Он часто и с любовью говорил о своем дяде Роберте. Дети и до того нередко слышали о всемогущем графе Лейстере. Имя его было известно повсюду. Я надеялась только, они еще ничего не знали о скандалах, связанных с этим именем, а если слышали, то им хватит разума не говорить об этом при Филипе. Было ясно, что Филип почитал своего знаменитого дядю как божество, и мне было приятно, что такой, безусловно, достойный человек, как его племянник, создаст совсем иной образ Роберта, чем тот, что создают сплетни и грязные слухи.

Он рассказал нам, как искусно обращается его дядя с лошадьми.

— Вы же знаете, он стремянной королевы и был им с начала ее правления все время.

— Когда я вырасту, — провозгласил мой сын Роберт, — то я буду стремянным королевы.

— Тогда не остается ничего лучшего, чем последовать примеру моего дяди Лейстера, — сказал Филип Сидни.

Он рассказал нам кратко даже об искусстве обращения с лошадьми, которым владел его дядя и которое он мог наблюдать.

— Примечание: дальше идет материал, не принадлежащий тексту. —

(* m = k is allowed so that the lemma covers m = pred k when k = 0; both sides
   then vanish. *)
Lemma at_level_adjacent_sum (f : VP G x0 -> R) x m :
  let k := dist G x0 x in
  (pred k <= m <= S k)%nat ->
  lsum (at_level m) (fun j => wt (GP G x0) (level x) j * (f j - f (level x))) =
  wset G (sphere G x0 k) (sphere G x0 m) * (level_value f m - level_value f k).
Proof.
  intros k Hm. change (level_value f k) with (level_value f (dist G x0 x)).
  rewrite level_value_dist. unfold lift, level_value, at_level.
  destruct (excluded_middle_informative _) as [p|p].
  - unfold lsum. cbn [map fold_right wt GP level proj1_sig]. fold k.
    destruct (Nat.eqb_spec (S k) m), (Nat.eqb_spec (S m) k); simpl; try ring.
    assert (Hmk : m = k) by lia.
    assert (E : exist _ m p = level x) by (apply subset_eq_compat; exact Hmk).
    rewrite E. ring.
  - assert (Hnil : sphere G x0 m = []).
    { destruct (sphere G x0 m) as [|y l] eqn:E; [reflexivity|].
      assert (Hy : In y (sphere G x0 m)) by (rewrite E; left; reflexivity).
      apply in_sphere in Hy. exfalso. apply p. exists y. lia. }
    rewrite Hnil. unfold wset. rewrite (lsum_zero (sphere G x0 k)) by reflexivity.
    unfold lsum. simpl. ring.
Qed.

Lemma lap_GP_spheres (f : VP G x0 -> R) x :
  let k := dist G x0 x in
  lap (GP G x0) f (level x) =
  / mset G (sphere G x0 k) *
    (wset G (sphere G x0 k) (sphere G x0 (S k)) * (level_value f (S k) - level_value f k) +
     wset G (sphere G x0 k) (sphere G x0 (pred k)) * (level_value f (pred k) - level_value f k)).
Proof.
  intros k.
  rewrite (lap_on_cover (GP G x0) (level x) (at_level (S k) ++ at_level (pred k))).
  - rewrite lsum_app, !at_level_adjacent_sum by lia. reflexivity.
  - apply wt_GP_nonneg.
  - unfold at_level.
    destruct (excluded_middle_informative (exists y, (S k <= dist G x0 y)%nat)),
      (excluded_middle_informative (exists y, (pred k <= dist G x0 y)%nat));
      simpl; repeat constructor; try tauto.
    intros [E|[]]. apply (f_equal (@proj1_sig _ _)) in E. simpl in E. lia.
  - intros j Hj. cbn [wt GP level proj1_sig] in Hj. fold k in Hj. apply in_or_app.
    destruct (Nat.eqb_spec (S k) (proj1_sig j)), (Nat.eqb_spec (S (proj1_sig j)) k);
      cbn [orb] in Hj; try lra; [left|left|right]; apply in_at_level; lia.
Qed.

Lemma lap_level g x : lap (GP G x0) g (level x) = lap G (lift g) x.
Proof.
  rewrite lap_GP_spheres, lift_radial, lap_radial, wset_succ.
  pose proof (mset_sphere_pos x).
  destruct (dist G x0 x) as [|k] eqn:Ex; simpl pred.
  - field. lra.
  - rewrite (wset_pred x k Ex). field. lra.
Qed.

Lemma lift_lap g : lift (lap (GP G x0) g) = lap G (lift g).
Proof. apply functional_extensionality. apply lap_level. Qed.

Lemma Gam_level g h x : Gam (GP G x0) g h (level x) = Gam G (lift g) (lift h) x.
Proof. unfold Gam. rewrite !lap_level. reflexivity. Qed.
Lemma crowded_occupants_stable t v m :
  v * lp <= t -> lp < #|occupants (pos t) (Some v, Some m)| ->
  occupants (pos t.+1) (Some v, Some m) = occupants (pos t) (Some v, Some m).
Proof.
move=> le_vt crowded; apply/eqP; rewrite eqEsubset occupants_no_entry //=.
apply/subsetP => k k_in; rewrite inE /cell posS.
case: (boolP [exists m, _]) => [worked | _]; last by rewrite addn0; rewrite inE in k_in.
have [m' work_m' cell_k] := worked_cell worked.
move: k_in; rewrite inE cell_k => /eqP[v_eq m_eq]; subst m'.
case: run => _ /(_ t) [/(_ m) /= + _]; rewrite Qset_occupants v_eq ltnNge.
by move: crowded; rewrite ltnNge => /negbTE->; rewrite andbF work_m'.
Qed.

Lemma occupants_shrink t m :
  0 < #|occupants (pos t) (Some (t %/ lp), Some m)| <= lp ->
  #|occupants (pos t.+1) (Some (t %/ lp), Some m)| <
    #|occupants (pos t) (Some (t %/ lp), Some m)|.
Proof.
move=> busy; case: run => _ /(_ t) [/(_ m) /= + _]; rewrite Qset_occupants busy.
set x := (Some _, Some m).
case=> k work_k k_in.
have worked : [exists m, work t m == Some k] by apply/existsP; exists m; rewrite work_k.
have k_out : k \notin occupants (pos t.+1) x.
  rewrite !inE; apply/eqP => /cell_SomeP[_ + _]; move: k_in; rewrite inE => /eqP.
  by move=> /cell_SomeP[_ + _]; rewrite posS worked; lia.
apply: proper_card; rewrite properE occupants_no_entry ?leq_divM //=.
by apply/subsetPn; exists k.
Qed.

End Frozen.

В практике дяди были специальные французские приемы, доведшие его искусство до совершенства. После Варфоломеевской ночи Лейстер вызвал некоторых французских объездчиков лошадей, которые потеряли в ту роковую ночь и хозяев, и заработок, однако они были, как сказал Роберт, чересчур высокого мнения о себе и требовали чрезмерной платы.

— Тогда, — продолжал Филип, — мой дядя решил поехать за объездчиками в Италию. Они не столь заносчивы, как французы. Во всяком случае, мало есть на свете людей, которые могли бы научить моего дядю обращению с лошадьми.

— Королева собирается выйти замуж за вашего дядю? — спросила вдруг Пенелопа.

Наступила тишина. Филип смотрел на меня.

— Кто мог сказать тебе, что она собирается? — спросила я.

— Ах, миледи, — с укоризной отвечала за нее Дороти, — все об этом говорят.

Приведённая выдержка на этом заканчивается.